Task description
Work through the entries below and show every line in which "From" is found.

━━━━━━━━━━━━━━━━━━━━━━━━━━━━━━

(* In the setting below, for any parameters $\epsilon_1,\epsilon_2,\epsilon_3>0$, $0<\theta_l<\theta_u$, $\rho^0>0$, $\sigma>1$ and $y^0\in\Upsilon_\tau$, the termination condition in step (ii) of Algorithm PDC is satisfied after finitely many iterations.
   Context: Setting. $\mathcal A$ is a finite set of links; $\mathcal V=\{\Delta h: h\ge0,\ \Lambda h=d\}\subset\mathbb R^{|\mathcal A|}$, where $\Delta$ is a 0/1 link–route incidence matrix, $\Lambda$ a 0/1 OD–route incidence matrix in which every route belongs to exactly one OD pair and every OD pair has at least one route, and $d>0$ (so $\mathcal V$ is a nonempty compact convex polytope in $\mathbb R^{|\mathcal A|}_{\ge0}$). Let $u_a\ge0$, $\mathcal Y=\{y: 0\le y_a\le u_a\ \forall a\}$, $1\le\tau\le|\mathcal A|$, $\Upsilon_\tau=\{y\in\mathcal Y: |\{a: y_a>0\}|\le\tau\}$. Standing assumptions: each $t_a(y_a,v_a)$ is continuously differentiable and strictly increasing in $v_a$ for $y_a\ge0$; each $G_a$ is nonnegative, continuously differentiable, strictly increasing, convex; $\int_0^{v_a}t_a(y_a,w)dw$ and $t_a(y_a,v_a)v_a$ are convex in $(y_a,v_a)$. With $\eta>0$: $F(y,v)=\sum_a t_a(y_a,v_a)v_a+\eta\sum_aG_a(y_a)$, $f(y,v)=\sum_a\int_0^{v_a}t_a(y_a,w)dw$, $g(y)=\min_{v\in\mathcal V}f(y,v)$, $\varphi(y,v)=f(y,v)-g(y)$. $\mathcal V^*(y)$ is the set of $v\in\mathcal V$ with $\langle t(y,v),v'-v\rangle\ge0$ for all $v'\in\mathcal V$; it is a singleton equal to $\arg\min_{v\in\mathcal V}f(y,v)$. Known fact: $g$ is convex and continuously differentiable on $\mathcal Y$. Define $\Phi(y,v;\bar y,\bar v)=f(y,v)-g(\bar y)-\nabla g(\bar y)^{\mathsf T}(y-\bar y)$ and, for given $\rho^k,\beta^k>0$ and $(y^k,v^k)$, $\Psi^k(y,v)=F(y,v)+\rho^k\Phi(y,v;y^k,v^k)+\rho^k\beta^k\|(y-y^k,v-v^k)\|_2^2$. Algorithm AMA with inputs $(\rho^k,\beta^k,y^k,v^k;y^{k,0})$: for $j=0,1,\dots$: $v^{k,j+1}$ = unique minimizer of $\Psi^k(y^{k,j},\cdot)$ over $\mathcal V$; $y^{k,j+1}$ = a minimizer of $\Psi^k(\cdot,v^{k,j+1})$ over $\Upsilon_\tau$; stop if $(y^{k,j+1},v^{k,j+1})$ is partially optimal (i.e. $\Psi^k(y^{k,j+1},v^{k,j+1})\le\Psi^k(y^{k,j+1},v)\ \forall v\in\mathcal V$ and $\le\Psi^k(y,v^{k,j+1})\ \forall y\in\Upsilon_\tau$). $\mathrm{AMA}(\cdot)$ denotes the returned point if it stops, otherwise any accumulation point of its iterates. Algorithm PDC with parameters $\epsilon_1,\epsilon_2,\epsilon_3>0$, $0<\theta_l<\theta_u$, $\rho^0>0$, $\sigma>1$, $y^0\in\Upsilon_\tau$: set $v^0\in\mathcal V^*(y^0)$ and choose $\beta^0\in[\theta_l/\rho^0,\theta_u/\rho^0]$; for $k=0,1,\dots$: (i) $(y^{k+1},v^{k+1})=\mathrm{AMA}(\rho^k,\beta^k,y^k,v^k;y^k)$; (ii) if $\|y^{k+1}-y^k\|_2\le\epsilon_1$, $\|v^{k+1}-v^k\|_2\le\epsilon_2$ and $\Phi(y^{k+1},v^{k+1};y^k,v^k)\le\epsilon_3$, stop and return $(y^{k+1},v^{k+1})$; (iii) set $\rho^{k+1}=\sigma\rho^k$ if $\Phi(y^{k+1},v^{k+1};y^k,v^k)>\epsilon_3$, else $\rho^{k+1}=\rho^k$; (iv) choose $\beta^{k+1}\in[\theta_l/\rho^{k+1},\theta_u/\rho^{k+1}]$. *)

From Stdlib Require Import Reals.
From Coquelicot Require Import Coquelicot.
Open Scope R_scope.

(** Vectors indexed by natural numbers; only indices below the relevant
    dimension are ever inspected. *)
Definition vec := nat -> R.

Fixpoint sumR (n : nat) (f : nat -> R) : R :=
  match n with O => 0 | S k => sumR k f + f k end.

Fixpoint countpos (n : nat) (y : vec) : nat :=
  match n with
  | O => O
  | S k => (countpos k y + (if Rlt_dec 0 (y k) then 1 else 0))%nat
  end.

(** Links are 0..nL-1, routes 0..nR-1, OD pairs 0..nW-1.
    Delta a r = true iff link a lies on route r (0/1 link-route incidence);
    Lambda w r = true iff route r belongs to OD pair w (0/1 OD-route incidence). *)
Record instance := {
  nL : nat; nR : nat; nW : nat;
  Delta : nat -> nat -> bool;
  Lambda : nat -> nat -> bool;
  dem : vec;                 (* d, indexed by OD pairs *)
  cap : vec;                 (* u, indexed by links *)
  tau : nat;
  tt : nat -> R -> R -> R;   (* tt a y v = t_a(y_a, v_a) *)
  GG : nat -> R -> R;
  eta : R
}.

(** (M h)_i for a 0/1 matrix M with nR columns *)
Definition incid (n : nat) (M : nat -> nat -> bool) (h : vec) (i : nat) : R :=
  sumR n (fun r => if M i r then h r else 0).

Definition Vset (P : instance) (v : vec) : Prop :=
  exists h : vec,
    (forall r, (r < nR P)%nat -> 0 <= h r) /\
    (forall w, (w < nW P)%nat -> incid (nR P) (Lambda P) h w = dem P w) /\
    (forall a, (a < nL P)%nat -> v a = incid (nR P) (Delta P) h a).

Definition Yset (P : instance) (y : vec) : Prop :=
  forall a, (a < nL P)%nat -> 0 <= y a <= cap P a.

Definition Ups (P : instance) (y : vec) : Prop :=
  Yset P y /\ (countpos (nL P) y <= tau P)%nat.

Definition C1_1d (h : R -> R) : Prop :=
  forall x, ex_derive h x /\ continuous (Derive h) x.

Definition C1_2d (h : R -> R -> R) : Prop :=
  forall y v,
    ex_derive (fun s => h s v) y /\ ex_derive (fun s => h y s) v /\
    continuity_2d_pt (fun y' v' => Derive (fun s => h s v') y') y v /\
    continuity_2d_pt (fun y' v' => Derive (fun s => h y' s) v') y v.

Definition convex_on (D : R -> Prop) (h : R -> R) : Prop :=
  forall x1 x2 l, D x1 -> D x2 -> 0 <= l <= 1 ->
    h (l * x1 + (1 - l) * x2) <= l * h x1 + (1 - l) * h x2.

Definition convex_on2 (D : R -> R -> Prop) (h : R -> R -> R) : Prop :=
  forall y1 v1 y2 v2 l, D y1 v1 -> D y2 v2 -> 0 <= l <= 1 ->
    h (l * y1 + (1 - l) * y2) (l * v1 + (1 - l) * v2)
      <= l * h y1 v1 + (1 - l) * h y2 v2.

Definition quadrant (y v : R) : Prop := 0 <= y /\ 0 <= v.

Definition standing_assumptions (P : instance) : Prop :=
  (forall r, (r < nR P)%nat ->
     exists w, (w < nW P)%nat /\ Lambda P w r = true /\
       (forall w', (w' < nW P)%nat -> Lambda P w' r = true -> w' = w)) /\
  (forall w, (w < nW P)%nat -> exists r, (r < nR P)%nat /\ Lambda P w r = true) /\
  (forall w, (w < nW P)%nat -> 0 < dem P w) /\
  (forall a, (a < nL P)%nat -> 0 <= cap P a) /\
  (1 <= tau P <= nL P)%nat /\
  0 < eta P /\
  (forall a, (a < nL P)%nat ->
     C1_2d (tt P a) /\
     (forall y v1 v2, 0 <= y -> 0 <= v1 -> v1 < v2 -> tt P a y v1 < tt P a y v2) /\
     convex_on2 quadrant (fun y v => RInt (fun w => tt P a y w) 0 v) /\
     convex_on2 quadrant (fun y v => tt P a y v * v) /\
     (forall y, 0 <= y -> 0 <= GG P a y) /\
     C1_1d (GG P a) /\
     (forall y1 y2, 0 <= y1 -> y1 < y2 -> GG P a y1 < GG P a y2) /\
     convex_on (fun y => 0 <= y) (GG P a)).

Definition Fobj (P : instance) (y v : vec) : R :=
  sumR (nL P) (fun a => tt P a (y a) (v a) * v a)
  + eta P * sumR (nL P) (fun a => GG P a (y a)).

Definition fobj (P : instance) (y v : vec) : R :=
  sumR (nL P) (fun a => RInt (fun w => tt P a (y a) w) 0 (v a)).

(** g(y) = min_{v in V} f(y,v) (the infimum, which is attained) *)
Definition gval (P : instance) (y : vec) : R :=
  real (Glb_Rbar (fun r => exists v, Vset P v /\ r = fobj P y v)).

Definition gradg (P : instance) (ybar : vec) (a : nat) : R :=
  Derive (fun s => gval P (fun b => if Nat.eqb b a then ybar b + s else ybar b)) 0.

Definition Phi (P : instance) (y v ybar vbar : vec) : R :=
  fobj P y v - gval P ybar - sumR (nL P) (fun a => gradg P ybar a * (y a - ybar a)).

Definition sqdist (n : nat) (x x' : vec) : R := sumR n (fun a => (x a - x' a) ^ 2).

Definition norm2 (n : nat) (x x' : vec) : R := sqrt (sqdist n x x').

(** Psi^k(y,v) with rho^k = rho, beta^k = beta, (y^k,v^k) = (yk,vk) *)
Definition Psi (P : instance) (rho beta : R) (yk vk : vec) (y v : vec) : R :=
  Fobj P y v + rho * Phi P y v yk vk
  + rho * beta * (sqdist (nL P) y yk + sqdist (nL P) v vk).

Definition Vstar (P : instance) (y v : vec) : Prop :=
  Vset P v /\
  forall v', Vset P v' -> 0 <= sumR (nL P) (fun a => tt P a (y a) (v a) * (v' a - v a)).

Definition partial_opt (P : instance) (rho beta : R) (yk vk : vec) (y v : vec) : Prop :=
  (forall v', Vset P v' -> Psi P rho beta yk vk y v <= Psi P rho beta yk vk y v') /\
  (forall y', Ups P y' -> Psi P rho beta yk vk y v <= Psi P rho beta yk vk y' v).

(** (yo,vo) is a possible value of AMA(rho,beta,yk,vk; y0): there is a run of
    AMA (iterates Y j = y^{k,j}, Vs j = v^{k,j}, j >= 1 for Vs) such that either
    it stops at the first partially optimal iterate and returns it, or it never
    stops and (yo,vo) is an accumulation point of its iterates. *)
Definition AMA_out (P : instance) (rho beta : R) (yk vk y0 : vec) (yo vo : vec) : Prop :=
  exists (Y Vs : nat -> vec),
    Y O = y0 /\
    (forall j,
       (forall i, (i < j)%nat -> ~ partial_opt P rho beta yk vk (Y (S i)) (Vs (S i))) ->
       (Vset P (Vs (S j)) /\
        forall v', Vset P v' ->
          Psi P rho beta yk vk (Y j) (Vs (S j)) <= Psi P rho beta yk vk (Y j) v') /\
       (Ups P (Y (S j)) /\
        forall y', Ups P y' ->
          Psi P rho beta yk vk (Y (S j)) (Vs (S j)) <= Psi P rho beta yk vk y' (Vs (S j)))) /\
    ((exists j,
        (forall i, (i < j)%nat -> ~ partial_opt P rho beta yk vk (Y (S i)) (Vs (S i))) /\
        partial_opt P rho beta yk vk (Y (S j)) (Vs (S j)) /\
        yo = Y (S j) /\ vo = Vs (S j)) \/
     ((forall j, ~ partial_opt P rho beta yk vk (Y (S j)) (Vs (S j))) /\
      (forall eps, 0 < eps -> forall N, exists j, (N <= j)%nat /\
         sqdist (nL P) (Y j) yo + sqdist (nL P) (Vs j) vo < eps))).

━━━━━━━━━━━━━━━━━━━━━━━━━━━━━━

Task solution
From Stdlib Require Import Reals.
From Coquelicot Require Import Coquelicot.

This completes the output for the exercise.